Behold the Mighty Auto Plant

Every country, every state and every township wants a well-paid middle class. It isn’t just about building things, it’s about building political power.

Drew Winter, Contributing Editor

July 12, 2019

4 Min Read
Wolfsburg
Volkswagen's Wolfsburg plant employs 63,000 employees and makes 800,000 vehicles annually.Volkswagen

WOLFSBURG, Germany – Every country, city and state wants an auto factory. There is no better way to create middle-class prosperity than to build an auto plant and no quicker way to destroy it than to close one.

Auto plants create thousands of good-paying jobs for blue- and white-collar workers and bring millions in tax revenues to needy cities such as Detroit and Flint, MI, and barren deserts in Mexico and northern Africa.

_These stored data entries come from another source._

(* Let $D_{\mathrm{jnt}}$ be any distribution of $(\mathsf X,\bar{\mathsf Y},\mathsf Y)$ on $\mathcal X\times\{0,1\}\times\{0,1\}$, let $c,\bar c\in[0,1]$ and $\bar D\in\{\bar D_{\mathrm{DP}},\bar D_{\mathrm{EO}}\}$. Let $F$ be the fairness frontier: for $\tau\ge0$, $F(\tau)=V(\tau)-V(0)$ where $V(\tau)=\inf\{\mathrm{CS}(f;D,c): f\colon\mathcal X\to[0,1],\ \mathrm{CS}^\diamond(f;\bar D,\bar c)\ge\tau\}$. Define $$B_{c,\bar c}(u,v)=|u-\bar c|\cdot\mathbf 1[(u-\bar c)(v-c)<0],\qquad \Delta_{c,\bar c}(\bar\eta,\eta)=\mathbb E_{\mathsf X}\big[B_{c,\bar c}(\bar\eta(\mathsf X),\eta(\mathsf X))\big]-\mathbb I_\varphi(\bar P_1,\bar P_0),$$ with $\varphi(t)=-\min\big((1-\bar c)\bar\pi t,\ \bar c(1-\bar\pi)\big)$, and analogously $\Delta_{-c,\bar c}(\bar\eta,-\eta)=\mathbb E_{\mathsf X}\big[|\bar\eta(\mathsf X)-\bar c|\,\mathbf 1[(\bar\eta(\mathsf X)-\bar c)(-\eta(\mathsf X)+c)<0]\big]-\mathbb I_\varphi(\bar P_1,\bar P_0)$. Let $\tau^*=\min\big(\Delta_{c,\bar c}(\bar\eta,\eta),\Delta_{-c,\bar c}(\bar\eta,-\eta)\big)$. Then $F(\tau)=0$ for every $\tau\in[0,\tau^*]$.
   Context: $D$ is the law of $(\mathsf X,\mathsf Y)$, $\bar D_{\mathrm{DP}}$ the law of $(\mathsf X,\bar{\mathsf Y})$, $\bar D_{\mathrm{EO}}$ the law of $(\mathsf X,\bar{\mathsf Y})$ conditional on $\mathsf Y=1$. $\eta(x)=\Pr(\mathsf Y=1\mid\mathsf X=x)$. With respect to $\bar D$: $\bar\eta(x)=\Pr_{\bar D}(\bar{\mathsf Y}=1\mid\mathsf X=x)$, $\bar\pi=\Pr_{\bar D}(\bar{\mathsf Y}=1)$, $\bar P_y$ is the law of $\mathsf X$ given $\bar{\mathsf Y}=y$ under $\bar D$, and $\mathbb E_{\mathsf X}$ is expectation over the $\mathsf X$-marginal of $\bar D$. For a convex $\varphi$, the $f$-divergence is $\mathbb I_\varphi(P,Q)=\int q\,\varphi(p/q)\,d\mu$ for densities $p,q$ w.r.t. a dominating measure $\mu$; for the $\varphi$ above this equals $-\int\min\big((1-\bar c)\bar\pi\,p,\ \bar c(1-\bar\pi)\,q\big)\,d\mu$. A randomised classifier $f\colon\mathcal X\to[0,1]$ predicts $1$ on $x$ with probability $f(x)$. For a distribution $E$ of $(\mathsf X,\mathsf Z)$ on $\mathcal X\times\{0,1\}$ with $p=\Pr(\mathsf Z=1)$: $\mathrm{FNR}(f;E)=\mathbb E_{\mathsf X\mid\mathsf Z=1}[1-f(\mathsf X)]$, $\mathrm{FPR}(f;E)=\mathbb E_{\mathsf X\mid\mathsf Z=0}[f(\mathsf X)]$, $\mathrm{CS}(f;E,c)=p(1-c)\,\mathrm{FNR}(f;E)+(1-p)c\,\mathrm{FPR}(f;E)$, and $\mathrm{CS}^\diamond(f;E,c)=\min\big(\mathrm{CS}(f;E,c),\mathrm{CS}(1-f;E,c)\big)$. *)

From HB Require Import structures.
From mathcomp Require Import all_boot all_order all_algebra.
From mathcomp Require Import all_classical all_reals all_analysis.
Set Implicit Arguments. Unset Strict Implicit. Unset Printing Implicit Defensive.
Import Order.TTheory GRing.Theory Num.Theory.
Local Open Scope classical_set_scope.
Local Open Scope ring_scope.

(* The joint distribution D_jnt of (X, Ybar, Y) is represented as the law of
   random elements X : Omega -> T, Ybar, Y : Omega -> bool on a probability
   space (Omega, P).  A distribution Dbar of (X, Z) is encoded by a "base
   event" S of Omega: Dbar is the law of (X, Z) under P conditioned on S
   (S = setT for D / Dbar_DP, S = [Y = 1] for Dbar_EO). *)

Section Defs.
Context {dO dT : measure_display} {Omega : measurableType dO}
  {T : measurableType dT} {R : realType}.

Definition Dint (P : probability Omega R) (S A : set Omega) (g : Omega -> R) : R :=
  Rintegral P (A `&` S) g / fine (P S).

Definition Dprob (P : probability Omega R) (S A : set Omega) : R :=
  fine (P (A `&` S)) / fine (P S).

Definition FNR (P : probability Omega R) (S : set Omega) (X : Omega -> T)
    (Z : set Omega) (f : T -> R) : R :=
  Dint P S Z (fun w => 1 - f (X w)) / Dprob P S Z.

Definition FPR (P : probability Omega R) (S : set Omega) (X : Omega -> T)
    (Z : set Omega) (f : T -> R) : R :=
  Dint P S (~` Z) (fun w => f (X w)) / Dprob P S (~` Z).

Definition CS (P : probability Omega R) (S : set Omega) (X : Omega -> T)
    (Z : set Omega) (f : T -> R) (c : R) : R :=
  let p := Dprob P S Z in
  p * (1 - c) * FNR P S X Z f + (1 - p) * c * FPR P S X Z f.

Definition CSdiam (P : probability Omega R) (S : set Omega) (X : Omega -> T)
    (Z : set Omega) (f : T -> R) (c : R) : R :=
  Num.min (CS P S X Z f c) (CS P S X Z (fun x => 1 - f x) c).

(* base event selecting Dbar: eo = false gives Dbar_DP, eo = true gives Dbar_EO *)
Definition Dbar_event (eo : bool) (Y : Omega -> bool) : set Omega :=
  if eo then [set w | Y w] else setT.

(* eta is a ([0,1]-valued, measurable) version of Pr(Z = 1 | X = x) under
   P( . | S) *)
Definition cond_prob (P : probability Omega R) (S : set Omega) (X : Omega -> T)
    (Z : set Omega) (eta : T -> R) : Prop :=
  measurable_fun setT eta /\ (forall x, 0 <= eta x <= 1) /\
  forall A : set T, measurable A ->
    (\int[P]_(w in X @^-1` A `&` S) (eta (X w))%:E
       = P (X @^-1` A `&` S `&` Z))%E.

Definition Vfront (P : probability Omega R) (X : Omega -> T) (Y Ybar : Omega -> bool)
    (S : set Omega) (c cb tau : R) : \bar R :=
  ereal_inf [set (CS P setT X [set w | Y w] f c)%:E | f in
    [set f : T -> R | [/\ measurable_fun setT f, (forall x, 0 <= f x <= 1) &
                         tau <= CSdiam P S X [set w | Ybar w] f cb]]].

Definition frontier (P : probability Omega R) (X : Omega -> T) (Y Ybar : Omega -> bool)
    (S : set Omega) (c cb tau : R) : \bar R :=
  (Vfront P X Y Ybar S c cb tau - Vfront P X Y Ybar S c cb 0)%E.

Definition Bcc (c cb u v : R) : R :=
  `|u - cb| * (if (u - cb) * (v - c) < 0 then 1 else 0).

(* I_phi(Pbar_1, Pbar_0) = - \int min((1-cb) pibar p, cb (1-pibar) q) dmu,
   with mu the X-marginal of Dbar and p = etabar/pibar, q = (1-etabar)/(1-pibar)
   the densities of Pbar_1, Pbar_0 w.r.t. mu. *)
Definition Iphi (P : probability Omega R) (S : set Omega) (X : Omega -> T)
    (Zbar : set Omega) (etabar : T -> R) (cb : R) : R :=
  let pibar := Dprob P S Zbar in
  let p x := etabar x / pibar in
  let q x := (1 - etabar x) / (1 - pibar) in
  - Dint P S setT (fun w => Num.min ((1 - cb) * pibar * p (X w))
                                    (cb * (1 - pibar) * q (X w))).

Definition Delta (P : probability Omega R) (S : set Omega) (X : Omega -> T)
    (Zbar : set Omega) (etabar eta : T -> R) (c cb : R) : R :=
  Dint P S setT (fun w => Bcc c cb (etabar (X w)) (eta (X w)))
  - Iphi P S X Zbar etabar cb.

End Defs.

From HB Require Import structures.
From mathcomp Require Import all_boot all_order all_algebra.
From mathcomp Require Import all_classical all_reals all_analysis.
From mathcomp Require Import measurable_realfun lra.
Import Order.TTheory GRing.Theory Num.Theory.
Local Open Scope classical_set_scope.
Local Open Scope ring_scope.

(* The threshold classifier f = 1[eta > c] minimises CS(.; D, c) over all
   randomised classifiers: CS is the expectation of the conditional risk
   (1 - c)(1 - f) eta + c f (1 - eta), which f minimises pointwise.  Pointwise
   again, the conditional risk of f (resp. 1 - f) with respect to etabar and cb
   dominates B_{c,cb}(etabar, eta) (resp. B_{-c,cb}(etabar, -eta)) plus the
   integrand of -I_phi; integrating gives CS^diam(f; Dbar, cb) >= tau*.  Hence f
   is feasible for every tau <= tau*, and V(tau) = CS(f; D, c) = V(0). *)

Section pointwise.
Context {R : realFieldType}.
Implicit Types a b c cb u g pb : R.

Lemma mulr_in01 {a b} : 0 <= a <= 1 -> 0 <= b <= 1 -> 0 <= a * b <= 1.
Proof. by move=> /andP[? ?] /andP[? ?]; rewrite mulr_ge0 //= mulr_ile1. Qed.

Lemma onem_in01 {a} : 0 <= a <= 1 -> 0 <= 1 - a <= 1.
Proof. by move=> /andP[? ?]; apply/andP; split; lra. Qed.

Definition cond_risk c u g : R := (1 - c) * ((1 - g) * u) + c * (g * (1 - u)).

Lemma cond_risk_in01 c u g : 0 <= c <= 1 -> 0 <= u <= 1 -> 0 <= g <= 1 ->
  0 <= cond_risk c u g <= 1.
Proof.
move=> c01 u01 g01; have /andP[? ?] := c01.
have /andP[? ?] := mulr_in01 (onem_in01 g01) u01.
have /andP[? ?] := mulr_in01 g01 (onem_in01 u01).
by rewrite /cond_risk; apply/andP; split; nra.
Qed.

Lemma cond_risk_threshold_le c u g : 0 <= g <= 1 ->
  cond_risk c u (if c < u then 1 else 0) <= cond_risk c u g.
Proof. by move=> /andP[? ?]; rewrite /cond_risk -subr_ge0; case: ltrP => ?; nra. Qed.

Definition Iphi_integrand cb pb u : R :=
  Num.min ((1 - cb) * pb * (u / pb)) (cb * (1 - pb) * ((1 - u) / (1 - pb))).

(* No hypothesis on pb: for pb = 0 or pb = 1 the division by zero makes the
   corresponding term vanish. *)
Lemma Iphi_integrand_bounds cb pb u : 0 <= cb <= 1 -> 0 <= u <= 1 ->
  0 <= Iphi_integrand cb pb u <= Num.min ((1 - cb) * u) (cb * (1 - u)).
Proof.
move=> /andP[cb0 cb1] /andP[u0 u1].
have divK_le (a b : R) : 0 <= a -> 0 <= b * (a / b) <= a.
  move=> a0; have [->|b0] := eqVneq b 0; first by rewrite mul0r lexx a0.
  by rewrite mulrC divfK // lexx a0.
have u1' : 0 <= 1 - u by rewrite subr_ge0.
have /andP[p0 p1] := divK_le u pb u0.
have /andP[q0 q1] := divK_le (1 - u) (1 - pb) u1'.
rewrite /Iphi_integrand -!mulrA !le_min !ge_min.
apply/andP; split.
  by apply/andP; split; apply: mulr_ge0; rewrite ?subr_ge0.
by apply/andP; split; apply/orP; [left|right]; apply: ler_wpM2l; rewrite ?subr_ge0.
Qed.

Lemma Iphi_integrand_in01 cb pb u : 0 <= cb <= 1 -> 0 <= u <= 1 ->
  0 <= Iphi_integrand cb pb u <= 1.
Proof.
move=> cb01 u01; have /andP[-> I_le] := Iphi_integrand_bounds _ pb _ cb01 u01.
rewrite (le_trans I_le) // ge_min.
by have /andP[_ ->] := mulr_in01 (onem_in01 cb01) u01.
Qed.
End pointwise.

Lemma Bcc_in01 {R : realType} (c cb u v : R) : 0 <= cb <= 1 -> 0 <= u <= 1 ->
  0 <= Bcc c cb u v <= 1.
Proof.
move=> /andP[? ?] /andP[? ?]; rewrite /Bcc.
case: ifP => _; rewrite ?mulr0 ?lexx ?ler01 //.
by rewrite mulr1 normr_ge0 /=; case: (lerP 0 (u - cb)) => ?;
  [rewrite ger0_norm | rewrite ltr0_norm] => //; lra.
Qed.

Lemma Bcc_add_le_cond_risk {R : realType} (c cb u v g m : R) :
  0 <= cb <= 1 -> 0 <= u <= 1 -> 0 <= g <= 1 ->
  (c < v -> g = 1) -> (v < c -> g = 0) ->
  m <= Num.min ((1 - cb) * u) (cb * (1 - u)) ->
  Bcc c cb u v + m <= cond_risk cb u g.
Proof.
move=> /andP[? ?] /andP[? ?] /andP[? ?] g1 g0; rewrite le_min => /andP[? ?].
rewrite /Bcc /cond_risk; case: ltrP => hB; rewrite ?(mulr1, mulr0, add0r); last first.
  by case: (ltrgtP c v) => [/g1 -> | /g0 -> | _]; nra.
have [/[dup] /g1 -> | /[dup] /g0 -> | cv] := ltrgtP c v; last first.
  by rewrite cv subrr mulr0 ltxx in hB.
all: move=> ?; case: (ltrgtP u cb) => ?;
  rewrite ?(ltr0_norm, gtr0_norm) ?subr_lt0 ?subr_gt0 //; nra.
Qed.

Lemma measurable_cond_risk {d : measure_display} {T : measurableType d}
  {R : realType} (c : R) (u g : T -> R) :
  measurable_fun setT u -> measurable_fun setT g ->
  measurable_fun setT (fun x => cond_risk c (u x) (g x)).
Proof.
move=> mu mg; apply: measurable_funD; apply: measurable_funM => //;
  apply: measurable_funM => //; exact: measurable_funB.
Qed.

Lemma measurable_Iphi_integrand {d : measure_display} {T : measurableType d}
  {R : realType} (cb pb : R) (u : T -> R) : measurable_fun setT u ->
  measurable_fun setT (fun x => Iphi_integrand cb pb (u x)).
Proof.
move=> mu; apply: measurable_minr; apply: measurable_funM => //;
  apply: measurable_funM => //; exact: measurable_funB.
Qed.

Lemma measurable_Bcc {d : measure_display} {T : measurableType d} {R : realType}
  (c cb : R) (u v : T -> R) : measurable_fun setT u -> measurable_fun setT v ->
  measurable_fun setT (fun x => Bcc c cb (u x) (v x)).
Proof.
move=> mu mv; have -> : (fun x => Bcc c cb (u x) (v x)) =
    (fun x => `|u x - cb| * \1_`]-oo, 0[ ((u x - cb) * (v x - c))).
  apply/funext => x; rewrite /Bcc indicE.
  case: ifPn => h; first by rewrite mem_set //= in_itv /= h.
  by rewrite memNset //= in_itv /= (negbTE h).
apply: measurable_funM.
  by apply: measurableT_comp; [exact: normr_measurable | exact: measurable_funB].
apply: measurableT_comp; first by apply: measurable_indic; exact: measurable_itv.
by apply: measurable_funM; exact: measurable_funB.
Qed.

Section threshold.
Context {d : measure_display} {T : measurableType d} {R : realType}.
Implicit Types (eta : T -> R) (c : R).

Definition threshold eta c : T -> R := fun x => if c < eta x then 1 else 0.

Lemma threshold_in01 eta c x : 0 <= threshold eta c x <= 1.
Proof. by rewrite /threshold; case: ifP; rewrite ?lexx ?ler01. Qed.

Lemma measurable_threshold eta c : measurable_fun setT eta ->
  measurable_fun setT (threshold eta c).
Proof.
move=> meta; have -> : threshold eta c = \1_(eta @^-1` `]c, +oo[).
  apply/funext => x; rewrite /threshold indicE.
  case: ifPn => h; first by rewrite mem_set //= in_itv /= h.
  by rewrite memNset //= in_itv /= andbT; apply/negP.
by apply/measurable_indicP; rewrite -[_ @^-1` _]setTI; apply: meta.
Qed.
End threshold.

Section integral_cond_prob.
Context {dO dT : measure_display} {Omega : measurableType dO}
  {T : measurableType dT} {R : realType}.
Variables (P : probability Omega R) (S Z : set Omega) (X : Omega -> T) (e : T -> R).
Hypotheses (mS : measurable S) (mZ : measurable Z) (mX : measurable_fun setT X).
Hypothesis eP : cond_prob P S X Z e.
Import HBNNSimple.
Local Open Scope ereal_scope.

Let me : measurable_fun setT e. Proof. by case: eP. Qed.
Let e_ge0 x : (0 <= e x)%R. Proof. by case: eP => _ [/(_ x)/andP[]]. Qed.
Let mZS : measurable (Z `&` S). Proof. exact: measurableI. Qed.

Lemma integral_cond_prob_indic (B : set T) (r : R) : measurable B -> (0 <= r)%R ->
  \int[P]_(w in Z `&` S) (r * \1_B (X w))%:E =
  \int[P]_(w in S) (r * \1_B (X w) * e (X w))%:E.
Proof.
move=> mB r0; have mXB : measurable (X @^-1` B) by rewrite -[X @^-1` B]setTI; exact: mX.
have mIB : measurable_fun setT (fun w => \1_B (X w) : R) by exact: measurableT_comp.
have mIBe : measurable_fun S (fun w => (\1_B (X w) * e (X w))%:E).
  apply/measurable_EFinP/measurable_funTS/measurable_funM => //.
  exact: measurableT_comp.
have IBe_ge0 w : S w -> 0 <= (\1_B (X w) * e (X w))%:E by rewrite lee_fin mulr_ge0.
under eq_integral do rewrite EFinM.
under [RHS]eq_integral do rewrite -mulrA EFinM.
rewrite !ge0_integralZl_EFin //; last exact/measurable_EFinP/measurable_funTS.
congr (_ * _).
have -> : \int[P]_(w in Z `&` S) (\1_B (X w))%:E =
          \int[P]_(w in Z `&` S) (\1_(X @^-1` B) w)%:E by [].
rewrite integral_indic // [Z `&` S]setIC setIA.
case: eP => _ [_ hE]; apply: eq_trans (esym (hE _ mB)) _.
rewrite integral_mkcondl; apply: eq_integral => w _.
rewrite /patch indicE -[X w \in B]/(w \in X @^-1` B).
by case: ifP; rewrite ?mul1r ?mul0r.
Qed.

In addition to direct jobs, every auto assembly plant creates tens of thousands more jobs indirectly at component plants, suppliers and in the service sector, from software coders to sausage makers (more on this in a minute).

Even Silicon Valley and states and countries that formerly had little interest in vehicle production now understand the raw economic power the automotive industry represents.

Not only is Tesla’s 5.3 million-sq.-ft. (490,000 sq.-m) plant in Fremont, CA, one of California’s biggest manufacturing employers with 10,000 workers, an empty piece of desert in Nevada now is home to Tesla’s Gigafactory, a giant facility that builds Tesla batteries. Tesla says the Gigafactory will become the biggest building in the world.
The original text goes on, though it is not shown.